Every once in a while a wave of depression hits social media and a clammer goes up about spreading the awareness regarding mental health.
As absurd statistics of 38 % of India being depressed are floating around, I have a simple question.
Yes, being aware about depression is a great idea, but has anyone considered the aftermath of this awareness? If the claimed 38 %, i.e. about 45 crore Indians go looking for professional help, what would they find?
India has, possibly, the worst per capita ratio of mental healthcare professionals. The statutorily recognised professionals, i.e. psychiatrists and neurologists are less than 1 per 1,00,000 of population. But, that fact is not as scary as the state of the third stakeholder in this issue, i.e. psychologist.
Psychologist is first point of contact for anyone in need of clinical help. He is our first line of defence against the floodgates that we are trying force open through awareness. But, there is no real discussion about statutory status of psychologists in India.
In India, for a long time, psychology was an educational qualification with very little value and attracted mostly those from the bottom of the cesspool of academic merit. As psychology graduates did not get a sense of professional qualification, the sector did not evolve into a formal profession.
The psychologist that we have today is often a person with a little bit of articulation claiming the grand title of councilor and assigning labels like depression and anxiety to troubled people desperately looking for help.
We need to grasp that mental healthcare is different than other medical domains because many of its malaises are extenuated forms of normal feelings and behaviors. It is impossible for a self-proclaimed doctor to convince you that you have TB, but a half-baked councilor can force depression upon you purely because all of us have some symptoms of “depression”.
Diagnosis of mental problems is a fine art of judging between normal and excess/deficit-from-normal making it the toughest branch of medicine for clinical practice. What makes is worse is that a lot of psychological problems are self-feeding in nature. So, a misdiagnosis can lead a problem to snowball quickly into a serious psychological problem that was not even there.
Looking at the highly sensitive nature of mental healthcare, there can be nothing worse than it being routed through an unregulated group of people. And yet, there is no real effort being made to consolidate or regulate psychologists at any level.

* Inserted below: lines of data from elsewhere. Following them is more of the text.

Lemma agree_on_equiv {A : Type} (L : list A) (F : T -> A -> Prop) :
  Equivalence (agree_on L F).
Proof.
  unfold agree_on; split.
  - intros x a _; tauto.
  - intros x y H a Ha; rewrite (H a Ha); tauto.
  - intros x y z H1 H2 a Ha; rewrite (H1 a Ha), (H2 a Ha); tauto.
Qed.

Lemma conj_equiv (R1 R2 : T -> T -> Prop) :
  Equivalence R1 -> Equivalence R2 -> Equivalence (fun x y => R1 x y /\ R2 x y).
Proof.
  intros [r1 s1 t1] [r2 s2 t2]; split.
  - intros x; auto.
  - intros x y []; auto.
  - intros x y z [] []; eauto.
Qed.

Lemma succ_lift_transfer (S E : T -> T -> Prop) (x y v v' : T) :
  (forall z, S x z <-> S v z) -> (forall z, S y z <-> S v' z) ->
  succ_lift S E v v' -> succ_lift S E x y.
Proof.
  intros Hx Hy [Hvv' Hv'v]; split; intros z Hz.
  - apply Hx in Hz; destruct (Hvv' z Hz) as [z' [? ?]]; exists z'; rewrite Hy; auto.
  - apply Hy in Hz; destruct (Hv'v z Hz) as [z' [? ?]]; exists z'; rewrite Hx; auto.
Qed.

(* The elements satisfying [P] fall into at most [N] classes of [R]: some
   list of at most [N] representatives covers them. *)
Definition few_classes (P : T -> Prop) (R : T -> T -> Prop) (N : nat) : Prop :=
  exists l, length l <= N /\ forall w, P w -> exists r, In r l /\ P r /\ R w r.

Lemma few_classes_weaken (P : T -> Prop) (R R' : T -> T -> Prop) (N N' : nat) :
  few_classes P R N -> (forall x y, P x -> P y -> R x y -> R' x y) -> N <= N' ->
  few_classes P R' N'.
Proof.
  intros [l [Hl Hcov]] HR HN; exists l; split; [lia|].
  intros w Hw; destruct (Hcov w Hw) as [r [? [? ?]]]; exists r; auto.
Qed.

Lemma few_classes_of_code {A : Type} (P : T -> Prop) (R : T -> T -> Prop)
    (code : T -> A) (L : list A) (N : nat) :
  length L <= N -> (forall w, P w -> In (code w) L) ->
  (forall x y, P x -> P y -> code x = code y -> R x y) -> few_classes P R N.
Proof.
  intros HL Hin HR; destruct (classic (exists w, P w)) as [[w0 Hw0]|Hnone].
  - exists (map (fun a => epsilon (inhabits w0) (fun w => P w /\ code w = a)) L).
    rewrite length_map; split; auto.
    intros w Hw; eexists; split; [apply in_map, (Hin w Hw)|].
    destruct (epsilon_spec (inhabits w0) (fun w' => P w' /\ code w' = code w)
                (ex_intro _ w (conj Hw eq_refl))) as [HP Hcode].
    split; [exact HP | apply HR; auto].
  - exists []; split; [simpl; lia|]; intros w Hw; exfalso; eauto.
Qed.

Lemma code_of_few_classes (P : T -> Prop) (R : T -> T -> Prop) (N : nat) :
  Equivalence R -> few_classes P R N ->
  exists (code : T -> T) (l : list T), length l <= N /\
    (forall w, P w -> In (code w) l) /\
    (forall x y, P x -> P y -> code x = code y -> R x y).
Proof.
  intros [_ Rs Rt] [l [Hl Hcov]].
  set (code := fun w => epsilon (inhabits w) (fun r => In r l /\ R w r)).
  assert (Hcode : forall w, P w -> In (code w) l /\ R w (code w)).
  { intros w Hw; apply (epsilon_spec (inhabits w) (fun r => In r l /\ R w r)).
    destruct (Hcov w Hw) as [r [? [_ ?]]]; eauto. }
  exists code, l; split; [exact Hl|split].
  - intros w Hw; apply Hcode, Hw.
  - intros x y Hx Hy He.
    pose proof (proj2 (Hcode x Hx)) as Hxc; pose proof (proj2 (Hcode y Hy)) as Hyc.
    rewrite He in Hxc; eauto.
Qed.
(* Let $p$ be a prime, $a\in\mathbb{Q}_p$, and $f:\mathbb{Q}_p\to\mathbb{Q}_p$, $f(x)=x^3+ax^2$. Let $x^{(0)}\in\mathbb{Q}_p$ be a fixed point of $f$. If $x\in\mathbb{Q}_p$ satisfies $$\max\Big\{|3x^{(0)}+a|_p\,|x-x^{(0)}|_p,\ |x-x^{(0)}|_p^2\Big\}<|f'(x^{(0)})|_p,$$ then $$|f(x)-f(x^{(0)})|_p=|f'(x^{(0)})|_p\,|x-x^{(0)}|_p.$$
   Context: $\mathbb{Q}_p$ is the field of $p$-adic numbers with $p$-adic norm $|\cdot|_p$; $f'(x)=3x^2+2ax$ is the derivative of $f$. *)

From HB Require Import structures.
From mathcomp Require Import all_boot all_order all_algebra.
From mathcomp Require Import reals.
Set Implicit Arguments. Unset Strict Implicit. Unset Printing Implicit Defensive.
Import Order.TTheory GRing.Theory Num.Theory.
Local Open Scope ring_scope.

(* (K, nrm) is (an isometric copy of) the field Q_p with |.|_p. *)
Definition is_Qp (p : nat) (K : fieldType) (R : realType) (nrm : K -> R) : Prop :=
  [/\ (forall x, 0 <= nrm x),
      (forall x, nrm x = 0 <-> x = 0),
      (forall x y, nrm (x * y) = nrm x * nrm y),
      (forall x y, nrm (x + y) <= Num.max (nrm x) (nrm y)) &
      nrm (p%:R) = (p%:R)^-1] /\
      (forall (x : K) (e : R), 0 < e -> exists q : rat, nrm (x - ratr q) < e) /\
      (forall u : nat -> K,
         (forall e : R, 0 < e -> exists N : nat,
            forall m n, (N <= m)%N -> (N <= n)%N -> nrm (u m - u n) < e) ->
         exists l : K, forall e : R, 0 < e -> exists N : nat,
            forall n, (N <= n)%N -> nrm (u n - l) < e).

Definition fcub (K : fieldType) (a x : K) : K := x ^+ 3 + a * x ^+ 2.
Definition fcub' (K : fieldType) (a x : K) : K := 3 * x ^+ 2 + 2 * a * x.

(* Taylor expansion of the cubic at
   x0 gives f(x) - f(x0) = h (f'(x0) + (3 x0 + a) h + h^2) with h = x - x0, and
   by hypothesis both correction terms are strictly smaller in absolute value
   than f'(x0); for a non-archimedean absolute value the dominant term then
   determines the absolute value of the sum. *)
From HB Require Import structures.
From mathcomp Require Import all_boot all_order all_algebra.
From mathcomp Require Import reals.
From mathcomp Require Import ring lra.
Set Implicit Arguments.
Unset Strict Implicit.
Unset Printing Implicit Defensive.

Import Order.TTheory GRing.Theory Num.Theory.
Local Open Scope ring_scope.

Section NonArchimedeanAbsoluteValue.

Variables (K : nzRingType) (R : realDomainType) (nrm : K -> R).
Hypothesis nrm_ge0 : forall x, 0 <= nrm x.
Hypothesis nrm_eq0 : forall x, nrm x = 0 <-> x = 0.
Hypothesis nrmM : forall x y, nrm (x * y) = nrm x * nrm y.
Hypothesis nrmD_max : forall x y, nrm (x + y) <= Num.max (nrm x) (nrm y).

Lemma nrm1 : nrm 1 = 1.
Proof.
have nrm1_neq0 : nrm 1 != 0 by apply/eqP => /nrm_eq0/eqP; rewrite oner_eq0.
by apply: (mulfI nrm1_neq0); rewrite -nrmM !mulr1.
Qed.

Lemma nrmN1 : nrm (-1) = 1.
Proof.
have : nrm (-1) * nrm (-1) = 1 by rewrite -nrmM mulrNN mulr1 nrm1.
have := nrm_ge0 (-1); nra.
Qed.

Lemma nrmN x : nrm (- x) = nrm x.
Proof. by rewrite -mulN1r nrmM nrmN1 mul1r. Qed.

Lemma nrmD_dominant x y : nrm y < nrm x -> nrm (x + y) = nrm x.
Proof.
move=> lt_yx; apply/eqP; rewrite eq_le; apply/andP; split.
  by apply: le_trans (nrmD_max x y) _; rewrite ge_max lexx ltW.
have := nrmD_max (x + y) (- y); rewrite nrmN addrK le_max => /orP [//|le_xy].
by move: (lt_le_trans lt_yx le_xy); rewrite ltxx.
Qed.

End NonArchimedeanAbsoluteValue.

Lemma fcub_subE (K : fieldType) (a x y : K) :
  fcub a x - fcub a y =
  (x - y) * (fcub' a y + ((3 * y + a) * (x - y) + (x - y) ^+ 2)).
Proof. by rewrite /fcub /fcub'; ring. Qed.

Theorem lemma4p1 (p : nat) (K : fieldType) (R : realType) (nrm : K -> R)
  (hp : prime p) (hK : is_Qp p nrm) (a x0 x : K) :
  fcub a x0 = x0 ->
  Num.max (nrm (3 * x0 + a) * nrm (x - x0)) (nrm (x - x0) ^+ 2) < nrm (fcub' a x0) ->
  nrm (fcub a x - fcub a x0) = nrm (fcub' a x0) * nrm (x - x0).
Proof.
move: hK => [[nrm_ge0 nrm_eq0 nrmM nrmD_max _] _] _ small_corrections.
rewrite fcub_subE nrmM mulrC (nrmD_dominant nrm_ge0 nrm_eq0 nrmM nrmD_max) //.
apply: le_lt_trans (nrmD_max _ _) _.
by rewrite nrmM expr2 nrmM -expr2.
Qed.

As social media has decided to take up the cause of depression, completely baseless statistics like “38% Indians have depression” are spreading around and creating a situation where hypochondria can grip masses and make them rush to seek help. In such circumstances, untrained and self-proclaimed psycho-councilors can mislead people and ruin lives.
What India urgently needs is a thorough review existing curriculum of psychology and create a separate statutorily recognized branch focused exclusively on clinical psychology. Those that earn this professional title must be put under the regulating council that can hold them accountable in case of malpractice.
I hate to be a conspiracy theorist, but prozac-popping west is already an indicator of what this “awareness” can do to people. So, if everyone with a bad hair day is encouraged to consider it a as a cue to visit a “psychologist”, one group that will surely be relieved of any depression they may have will be pharmaceutical companies.
Our nation needs to know a lot of things, but we better do it only when we are ready for the aftermath of knowing. Looking at where our mental healthcare infrastructure stands today, we are not ready to know how depressed we are.